Dataset excerpts:
<<<<

Lemma Permutation_fst_combine {A V} (B : list (A * V)) X1 X2 :
  Permutation (map fst B) (X1 ++ X2) ->
  exists V1 V2, length V1 = length X1 /\ length V2 = length X2 /\
    Permutation B (combine X1 V1 ++ combine X2 V2).
Proof.
  intros HB. apply Permutation_sym, Permutation_map_inv in HB as (B' & HX & HB).
  assert (Hlen : length (X1 ++ X2) = length (map snd B'))
    by (rewrite HX, !length_map; reflexivity).
  exists (firstn (length X1) (map snd B')), (skipn (length X1) (map snd B')).
  rewrite length_firstn, length_skipn, <- Hlen, length_app.
  repeat split; [lia|lia|].
  rewrite <- combine_app by (rewrite length_firstn, <- Hlen, length_app; lia).
  rewrite firstn_skipn, HX, combine_map_fst_snd. exact HB.
Qed.

Lemma scong_nus_pars_perm n c l T C :
  Permutation (c :: l) T -> scong (nus n (pars c l)) C ->
  exists c' l', c' :: l' = T /\ scong (nus n (pars c' l')) C.
Proof.
  destruct T as [|c' l']; intros HT HC; [now apply Permutation_sym, Permutation_nil_cons in HT|].
  exists c', l'. split; [reflexivity|].
  eapply SC_Trans; [|exact HC]. apply scong_nus, scong_pars_perm, Permutation_sym, HT.
Qed.

Theorem lemma6 :
  forall (G : list ty) (N D : nenv) (C : config) (as_ : list nat),
    cfg_typed G N D C ->
    NoDup as_ ->
    (forall a, In a as_ <-> D a <> None) ->
    exists (n' : nat) (Ms : list comp) (Vfree : list (list val))
           (Vbound : list (list val)) (c : config) (l : list config),
      length Vfree = length as_ /\
      length Vbound = n' /\
      c :: l = map CTerm Ms
               ++ map (fun p => CBuf (fst p + n') (snd p)) (combine as_ Vfree)
               ++ map (fun p => CBuf (fst p) (snd p)) (combine (rev (seq 0 n')) Vbound) /\
      scong (nus n' (pars c l)) C.
Proof.
  intros G N D C as_ HC Hnd Has.
  destruct (typed_normal_form G N D C as_ HC (conj Hnd Has))
    as (n & Ms & B & c & l & HL & HB & HS).
  assert (HB' : Permutation (map fst B) (map (fun a => a + n) as_ ++ rev (seq 0 n))).
  { eapply Permutation_trans; [exact HB|].
    eapply Permutation_trans; [apply Permutation_app_comm|].
    apply Permutation_app_head, Permutation_rev. }
  destruct (Permutation_fst_combine B _ _ HB') as (Vfree & Vbound & Hfree & Hbound & HBV).
  rewrite length_map in Hfree. rewrite length_rev, length_seq in Hbound.
  assert (HT : Permutation (c :: l)
    (map CTerm Ms ++ map (fun p => CBuf (fst p + n) (snd p)) (combine as_ Vfree)
                  ++ map buffer (combine (rev (seq 0 n)) Vbound))).
  { eapply Permutation_trans; [exact HL|]. apply Permutation_app_head.
    eapply Permutation_trans; [apply Permutation_map, HBV|].
    rewrite map_app, combine_map_l, map_map. apply Permutation_refl. }
  destruct (scong_nus_pars_perm n c l _ C HT HS) as (c' & l' & Heq & HS').
  exists n, Ms, Vfree, Vbound, c', l'. auto.
Qed.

>>>>

◆ Work required:
Restate word for word only the lines above from the line containing "eapply SC_Trans; [|exact" to the line containing "(Vbound : list", both of them included.

◆ Answer to this problem:
  eapply SC_Trans; [|exact HC]. apply scong_nus, scong_pars_perm, Permutation_sym, HT.
Qed.

Theorem lemma6 :
  forall (G : list ty) (N D : nenv) (C : config) (as_ : list nat),
    cfg_typed G N D C ->
    NoDup as_ ->
    (forall a, In a as_ <-> D a <> None) ->
    exists (n' : nat) (Ms : list comp) (Vfree : list (list val))
           (Vbound : list (list val)) (c : config) (l : list config),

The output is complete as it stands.